[Collected data]
== Segment start ==
(* For each $a\in\{1,\dots,n\}$, the anticommutator $\{\psi_a,\psi_a^*\}=\psi_a\psi_a^*+\psi_a^*\psi_a$ belongs to the center of $\mathrm{Cl}_q(n,k)$ and satisfies $\{\psi_a,\psi_a^*\}^2=1$.
   Context: Let $\mathbb{k}$ be a field of characteristic different from $2$, let $q\in\mathbb{k}^\times$, and let $n,k$ be positive integers. The quantum Clifford algebra $\mathrm{Cl}_q(n,k)$ is the unital associative $\mathbb{k}$-algebra generated by $\psi_a,\psi_a^*,\omega_a,\omega_a^{-1}$ for $a\in\{1,\dots,n\}$, subject to the relations (for all $a,b\in\{1,\dots,n\}$): $\omega_a\omega_b=\omega_b\omega_a$; $\omega_a\omega_a^{-1}=1$; $\omega_a\psi_b=q^{\delta_{ab}}\psi_b\omega_a$; $\omega_a\psi_b^*=q^{-\delta_{ab}}\psi_b^*\omega_a$; $\psi_a\psi_b+\psi_b\psi_a=0$; $\psi_a^*\psi_b^*+\psi_b^*\psi_a^*=0$; $\psi_a\psi_a^*+q^k\psi_a^*\psi_a=\omega_a^{-k}$; $\psi_a\psi_a^*+q^{-k}\psi_a^*\psi_a=\omega_a^{k}$; and $\psi_a\psi_b^*+\psi_b^*\psi_a=0$ if $a\neq b$. *)

From HB Require Import structures.
From mathcomp Require Import all_boot all_order all_algebra.
Set Implicit Arguments. Unset Strict Implicit. Unset Printing Implicit Defensive.
Import GRing.Theory.
Local Open Scope ring_scope.

(* The defining relations of Cl_q(n,k), for a family of elements
   psi a, psis a (the starred psi_a), om a (= omega_a), omi a (= omega_a^{-1})
   of a F-algebra A, indexed by a : 'I_n. *)
Definition ClqRelations (F : fieldType) (A : algType F) (n k : nat) (q : F)
  (psi psis om omi : 'I_n -> A) : Prop :=
  (forall a b : 'I_n, om a * om b = om b * om a)
  /\ (forall a : 'I_n, om a * omi a = 1)
  /\ (forall a b : 'I_n, om a * psi b = (q ^+ (a == b)) *: (psi b * om a))
  /\ (forall a b : 'I_n, om a * psis b = (q ^- (a == b)) *: (psis b * om a))
  /\ (forall a b : 'I_n, psi a * psi b + psi b * psi a = 0)
  /\ (forall a b : 'I_n, psis a * psis b + psis b * psis a = 0)
  /\ (forall a : 'I_n, psi a * psis a + (q ^+ k) *: (psis a * psi a) = omi a ^+ k)
  /\ (forall a : 'I_n, psi a * psis a + (q ^- k) *: (psis a * psi a) = om a ^+ k)
  /\ (forall a b : 'I_n, a != b -> psi a * psis b + psis b * psi a = 0).

Inductive in_subalg (F : fieldType) (A : algType F) (S : A -> Prop) : A -> Prop :=
  | subalg_base x : S x -> in_subalg S x
  | subalg_one : in_subalg S 1
  | subalg_add x y : in_subalg S x -> in_subalg S y -> in_subalg S (x + y)
  | subalg_mul x y : in_subalg S x -> in_subalg S y -> in_subalg S (x * y)
  | subalg_scale (c : F) x : in_subalg S x -> in_subalg S (c *: x).

Definition Clq_generators (F : fieldType) (A : algType F) (n : nat)
  (psi psis om omi : 'I_n -> A) : A -> Prop :=
  fun x => exists a : 'I_n, [\/ x = psi a, x = psis a, x = om a | x = omi a].

From HB Require Import structures.
From mathcomp Require Import all_boot all_order all_algebra.
Import GRing.Theory.
Local Open Scope ring_scope.

(* Write X = psi_a psi_a^* and Y = psi_a^* psi_a, so that the anticommutator
   is X + Y.  Since psi_a and psi_a^* square to zero (char <> 2), XY = YX = 0,
   hence (X + Y)^2 = (X + q^k Y)(X + q^-k Y) = omega_a^-k omega_a^k = 1.
   Centrality is checked on generators: psi_b and psi_b^* (b <> a) anticommute
   with both factors of X and of Y; psi_a commutes with X + Y since both
   products reduce to psi_a psi_a^* psi_a, and likewise for psi_a^*; and
   omega_b commutes with X and Y because the q-factors picked up passing
   psi_a and psi_a^* cancel.  The relations only
   make omega_a^-1 a right inverse of omega_a; it is also a left inverse
   because omega_a^-k = X + q^k Y commutes with omega_a^k. *)

Definition anticomm {R : pzRingType} (u v : R) : R := u * v + v * u.

Lemma anticommC (R : pzRingType) (u v : R) : anticomm u v = anticomm v u.
Proof. exact: addrC. Qed.

Lemma addrr_eq0 (F : fieldType) (A : lmodType F) (x : A) :
  (2%:R : F) != 0 -> x + x = 0 -> x = 0.
Proof.
move=> two_neq0 xx0; apply/eqP.
have /eqP : (2%:R : F) *: x = 0 by rewrite scaler_nat mulr2n.
by rewrite scaler_eq0 (negbTE two_neq0).
Qed.

Lemma expr_mul_eq1 (R : pzRingType) (x y : R) (m : nat) :
  x * y = 1 -> x ^+ m * y ^+ m = 1.
Proof.
move=> xy1; elim: m => [|m IHm]; first by rewrite !expr0 mulr1.
by rewrite exprSr exprS mulrA -(mulrA _ x) xy1 mulr1 IHm.
Qed.

Lemma mulr_eq1_expr (R : pzRingType) (x y : R) (k : nat) : (0 < k)%N ->
  x * y = 1 -> y ^+ k * x ^+ k = 1 -> y * x = 1.
Proof.
case: k => // m _ xy1 yxk1.
have -> : y = y ^+ m.+1 * x ^+ m.
  by rewrite -[LHS]mul1r -yxk1 (exprSr x) -mulrA -(mulrA _ x) xy1 mulr1.
by rewrite -mulrA -exprSr.
Qed.

Lemma commr_inverse (R : pzRingType) (c x y : R) :
  x * y = 1 -> y * x = 1 -> GRing.comm c x -> GRing.comm c y.
Proof.
move=> xy1 yx1 cx; rewrite /GRing.comm -[c * y]mul1r -yx1 -mulrA (mulrA x) -cx.
by rewrite -!mulrA xy1 mulr1.
Qed.

Lemma commr_mul_anticomm (R : pzRingType) (u v x : R) :
  anticomm u x = 0 -> anticomm v x = 0 -> GRing.comm (u * v) x.
Proof.
rewrite /anticomm => /eqP; rewrite addr_eq0 => /eqP ux /eqP; rewrite addr_eq0 => /eqP vx.
by rewrite /GRing.comm -mulrA vx mulrN mulrA ux mulNr opprK mulrA.
Qed.

Lemma anticomm_commr (R : pzRingType) (u v x : R) :
  anticomm u x = 0 -> anticomm v x = 0 -> GRing.comm (anticomm u v) x.
Proof.
by move=> ux vx; apply/commr_sym/commrD; apply/commr_sym; apply: commr_mul_anticomm.
Qed.

Lemma anticomm_nil_comml (R : pzRingType) (u v : R) :
  u * u = 0 -> GRing.comm (anticomm u v) u.
Proof.
move=> uu0; rewrite /GRing.comm /anticomm mulrDl mulrDr -!mulrA uu0 mulr0 !mulrA.
by rewrite uu0 mul0r addr0 add0r.
Qed.

Lemma commr_qcomm_mul (R : comPzRingType) (A : algType R) (x u v : A) (s t : R) :
  s * t = 1 -> x * u = s *: (u * x) -> x * v = t *: (v * x) -> GRing.comm x (u * v).
Proof.
move=> st1 xu xv; rewrite /GRing.comm mulrA xu -scalerAl -[u * x * v]mulrA xv scalerAr.
by rewrite scalerA st1 scale1r mulrA.
Qed.

Lemma mulr_sqr0_mid (R : pzRingType) (u v w : R) : v * v = 0 -> u * v * (v * w) = 0.
Proof. by move=> vv0; rewrite mulrA -(mulrA u) vv0 mulr0 mul0r. Qed.

Lemma sqr_add_orth (R : comPzRingType) (A : algType R) (X Y : A) (s t : R) :
  X * Y = 0 -> Y * X = 0 -> s * t = 1 -> (X + Y) ^+ 2 = (X + s *: Y) * (X + t *: Y).
Proof.
move=> XY0 YX0 st1; rewrite expr2 !mulrDl !mulrDr -!scalerAl -!scalerAr XY0 YX0.
by rewrite !scaler0 scalerA st1 scale1r.
Qed.

Lemma in_subalg_comm (F : fieldType) (A : algType F) (S : A -> Prop) (c x : A) :
  (forall s, S s -> GRing.comm c s) -> in_subalg S x -> GRing.comm c x.
Proof.
move=> cS; elim=> {x} [x /cS // | | x y _ cx _ cy | x y _ cx _ cy | a x _ cx].
- exact: commr1.
- exact: commrD.
- exact: commrM.
- by rewrite /GRing.comm -scalerAr cx scalerAl.
Qed.

Section QuantumClifford.

Context {F : fieldType} {A : algType F} {n k : nat} {q : F}.
Context {psi psis om omi : 'I_n -> A}.

Hypothesis two_neq0 : (2%:R : F) != 0.
Hypothesis q_neq0 : q != 0.
Hypothesis k_gt0 : (0 < k)%N.
Hypothesis om_omi : forall a, om a * omi a = 1.
Hypothesis om_psi : forall a b, om a * psi b = q ^+ (a == b) *: (psi b * om a).
Hypothesis om_psis : forall a b, om a * psis b = q ^- (a == b) *: (psis b * om a).
Hypothesis psi_anti : forall a b, anticomm (psi a) (psi b) = 0.
Hypothesis psis_anti : forall a b, anticomm (psis a) (psis b) = 0.
Hypothesis psi_psis_omi : forall a, psi a * psis a + q ^+ k *: (psis a * psi a) = omi a ^+ k.
Hypothesis psi_psis_om : forall a, psi a * psis a + q ^- k *: (psis a * psi a) = om a ^+ k.
Hypothesis psi_psis_anti : forall a b, a != b -> anticomm (psi a) (psis b) = 0.

Lemma psi_sqr a : psi a * psi a = 0.
Proof. exact: addrr_eq0 two_neq0 (psi_anti a a). Qed.

Lemma psis_sqr a : psis a * psis a = 0.
Proof. exact: addrr_eq0 two_neq0 (psis_anti a a). Qed.

Lemma om_comm_psi_psis b a : GRing.comm (om b) (psi a * psis a).
Proof. exact: commr_qcomm_mul (divff (expf_neq0 _ q_neq0)) (om_psi b a) (om_psis b a). Qed.

Lemma om_comm_psis_psi b a : GRing.comm (om b) (psis a * psi a).
Proof. exact: commr_qcomm_mul (mulVf (expf_neq0 _ q_neq0)) (om_psis b a) (om_psi b a). Qed.

Lemma omi_om_expr a : omi a ^+ k * om a ^+ k = 1.
Proof.
have omk_X := commrX k (commr_sym (om_comm_psi_psis a a)).
have omk_Y := commrX k (commr_sym (om_comm_psis_psi a a)).
rewrite -psi_psis_omi mulrDl -scalerAl omk_X omk_Y scalerAr -mulrDr psi_psis_omi.
exact: expr_mul_eq1.
Qed.

Lemma omi_om a : omi a * om a = 1.
Proof. exact: mulr_eq1_expr k_gt0 (om_omi a) (omi_om_expr a). Qed.

Lemma anticomm_psi_psis_comm_generators a x :
  Clq_generators psi psis om omi x -> GRing.comm (anticomm (psi a) (psis a)) x.
Proof.
case=> b [] ->.
- have [->|ba] := eqVneq b a; first exact: anticomm_nil_comml (psi_sqr a).
  by apply: anticomm_commr; rewrite // anticommC psi_psis_anti.
- have [->|ba] := eqVneq b a; first by rewrite anticommC;
    exact: anticomm_nil_comml (psis_sqr a).
  by apply: anticomm_commr; rewrite // psi_psis_anti // eq_sym.
- exact/commr_sym/commrD/om_comm_psis_psi/om_comm_psi_psis.
- apply: commr_inverse (om_omi b) (omi_om b) _.
  exact/commr_sym/commrD/om_comm_psis_psi/om_comm_psi_psis.
Qed.

Lemma anticomm_psi_psis_central a x :
  in_subalg (Clq_generators psi psis om omi) x -> GRing.comm (anticomm (psi a) (psis a)) x.
Proof. exact/in_subalg_comm/anticomm_psi_psis_comm_generators. Qed.

Lemma anticomm_psi_psis_sqr a : anticomm (psi a) (psis a) ^+ 2 = 1.
Proof.
rewrite (@sqr_add_orth _ _ _ _ (q ^+ k) (q ^- k)) ?psi_psis_omi ?psi_psis_om ?omi_om_expr //.
- exact: mulr_sqr0_mid (psis_sqr a).
- exact: mulr_sqr0_mid (psi_sqr a).
- exact: divff (expf_neq0 _ q_neq0).
Qed.

End QuantumClifford.

Theorem lemma3p7 (F : fieldType) (hF : (2%:R : F) != 0) (q : F) (hq : q != 0)
  (n k : nat) (hn : (0 < n)%N) (hk : (0 < k)%N)
  (A : algType F) (psi psis om omi : 'I_n -> A)
  (hrel : ClqRelations k q psi psis om omi) :
  forall a : 'I_n,
    (forall x : A, in_subalg (Clq_generators psi psis om omi) x ->
       (psi a * psis a + psis a * psi a) * x = x * (psi a * psis a + psis a * psi a))
    /\ (psi a * psis a + psis a * psi a) ^+ 2 = 1.
Proof.
move: hrel => [_ [om_omi [om_psi [om_psis [psi_anti [psis_anti rels]]]]]] a.
move: rels => [psi_psis_omi [psi_psis_om psi_psis_anti]].
split=> [x|].
- by apply: (anticomm_psi_psis_central (k := k) (q := q)).
- by apply: (anticomm_psi_psis_sqr (k := k) (q := q)).
Qed.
== Segment end ==
### Exercise directions
Work out how many lines of the data hold the string "apply". State only that number.

### Exercise answer
7